Note that she defines diets in the paper as “severely restricting ones calories” in order to lose weight and keep it off in the long term. However, it wasn’t really defined what “severally restricting ones calories” meant quantitative speaking and if the studies they looked at adhered to their criteria. Additionally, it seems like the studies they looked at in the meta-analysis weren’t controlled for what behavioral change method each study was doing. But, I’m not sure if they really cared to control for this, since they were strictly looking to see long term outcomes of diets in the literature.

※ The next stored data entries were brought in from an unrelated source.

(* Let $\phi$ be an orientation-preserving isometry of a spin, closed, hyperbolic $4$-manifold $M=\Gamma\backslash H^4$, and let $\hat\phi$ be a lift of $\phi$ to a symmetry of a spin structure $\hat\Gamma\backslash\mathrm{SU}(1,1;\mathbb H)$ on $M$. Let $f\in\mathrm{SO}^+(4,1)$ be such that $\phi=f_\star$, and let $\hat f\in\mathrm{SU}(1,1;\mathbb H)$ be the lift of $f$ such that $\hat\phi=\hat f_\star$. Let $P$ be an isolated fixed point of $\phi$, and let $x\in H^4$ with $\Gamma x=P$. Let $g\in\mathrm{SO}^+(4,1)$ with $ge_5=x$, and let $\hat g\in\mathrm{SU}(1,1;\mathbb H)$ be a lift of $g$. Let $\gamma$ be the unique element of $\Gamma$ such that $\gamma fx=x$, and let $\hat\gamma$ be the unique element of $\hat\Gamma$ lifting $\gamma$. Then $\hat g^{-1}\hat\gamma\hat f\hat g=\mathrm{diag}(p,q)$ with $p$ and $q$ unit quaternions, and $$\nu(\hat\phi,P)=\frac{1}{2(\mathrm{Re}(p)-\mathrm{Re}(q))}.$$
   Context: $\mathrm{SU}(1,1;\mathbb H)=\{A\in\mathbb H(2):A^*JA=J\}$, $J=\mathrm{diag}(1,-1)$, acts on $B^4=\{q\in\mathbb H:|q|<1\}$ by $\begin{pmatrix}a&b\\c&d\end{pmatrix}\cdot q=(aq+b)(cq+d)^{-1}$. Identify $q_0+q_1\mathbf i+q_2\mathbf j+q_3\mathbf k$ with $(q_0,\dots,q_3)\in\mathbb R^4$, let $H^4=\{x\in\mathbb R^5: x_1^2+\dots+x_4^2-x_5^2=-1,\ x_5>0\}$ and $\zeta:B^4\to H^4$, $\zeta(y)=(2y/(1-|y|^2),(1+|y|^2)/(1-|y|^2))$. The double covering epimorphism $\eta:\mathrm{SU}(1,1;\mathbb H)\to\mathrm{SO}^+(4,1)$ (representing $\mathrm{Spin}^+(4,1)$) is characterized by $\zeta(A\cdot y)=\eta(A)\zeta(y)$. $\Gamma\subset\mathrm{SO}^+(4,1)$ is discrete and torsion-free with $M$ closed, and $\hat\Gamma\subset\mathrm{SU}(1,1;\mathbb H)$ maps isomorphically onto $\Gamma$ under $\eta$. Isometries $f_\star(\Gamma x)=\Gamma fx$ ($f$ normalizing $\Gamma$) and symmetries $\hat f_\star(\hat\Gamma\hat h)=\hat\Gamma\hat f\hat h$ ($\hat f$ normalizing $\hat\Gamma$). $\mathrm{Spin}(4)=\eta^{-1}(\mathrm{Stab}(e_5))=\{\mathrm{diag}(p,q):|p|=|q|=1\}$, with half-spin representations (Atiyah–Bott convention) $\Delta_4^+(\mathrm{diag}(p,q))=\Psi_1(p)$, $\Delta_4^-(\mathrm{diag}(p,q))=\Psi_1(q)$, where $\Psi_1(a+b\mathbf j)=\begin{pmatrix}a&b\\-\overline b&\overline a\end{pmatrix}$ for $a,b\in\mathbb C$. For an isolated fixed point $P=\Gamma ge_5$ of $\phi=\hat f_\star$-projection, there is a unique $s\in\mathrm{Spin}(4)$ with $\hat\Gamma\hat f\hat g=\hat\Gamma\hat gs$, and the local contribution of $P$ to the Atiyah–Singer $G$-spin formula is $\nu(\hat\phi,P)=\dfrac{\mathrm{tr}\,\Delta_4^+(s)-\mathrm{tr}\,\Delta_4^-(s)}{|\det(I-d\phi_P)|}$, with $d\phi_P$ the differential of $\phi$ at $P$. *)

From HB Require Import structures.
From mathcomp Require Import all_boot all_order all_algebra.
From mathcomp Require Import reals.
From mathcomp Require Import complex.
Set Implicit Arguments. Unset Strict Implicit. Unset Printing Implicit Defensive.
Import Order.TTheory GRing.Theory Num.Theory.
Local Open Scope ring_scope.

Section Defs.
Variable R : realType.

Record quat := Quat { q0 : R; q1 : R; q2 : R; q3 : R }.

Definition qzero : quat := Quat 0 0 0 0.
Definition qone : quat := Quat 1 0 0 0.
Definition qadd (a b : quat) : quat :=
  Quat (q0 a + q0 b) (q1 a + q1 b) (q2 a + q2 b) (q3 a + q3 b).
Definition qopp (a : quat) : quat := Quat (- q0 a) (- q1 a) (- q2 a) (- q3 a).
Definition qmul (a b : quat) : quat :=
  Quat (q0 a * q0 b - q1 a * q1 b - q2 a * q2 b - q3 a * q3 b)
       (q0 a * q1 b + q1 a * q0 b + q2 a * q3 b - q3 a * q2 b)
       (q0 a * q2 b - q1 a * q3 b + q2 a * q0 b + q3 a * q1 b)
       (q0 a * q3 b + q1 a * q2 b - q2 a * q1 b + q3 a * q0 b).
Definition qconj (a : quat) : quat := Quat (q0 a) (- q1 a) (- q2 a) (- q3 a).
Definition qnorm2 (a : quat) : R := q0 a ^+ 2 + q1 a ^+ 2 + q2 a ^+ 2 + q3 a ^+ 2.
Definition qinv (a : quat) : quat :=
  let n := qnorm2 a in Quat (q0 a / n) (- q1 a / n) (- q2 a / n) (- q3 a / n).
Definition qre (a : quat) : R := q0 a.

Record hmat := HMat { h00 : quat; h01 : quat; h10 : quat; h11 : quat }.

With that said, I’m not sure how she made the jump to her recommendation of “increase vegetable consumption and decrease certain unhealthy foods without monitoring calories” from that meta analysis that concluded that diets (defined as severely restricting ones calories for the goal of long term weight loss) are ineffective in the long term.

Yea, that doesn’t really make sense to me.

That’s not really well supported by direct evidence and is, very clearly, a diet.

Seems odd to suggest that most dietary interventions, which are behavioral changes, don’t work long term…then turn around and suggest behavioral changes.

Yea, I don’t really take articles like this seriously to be honest. There are much better review articles available through The Obesity Society, The AACE, etc.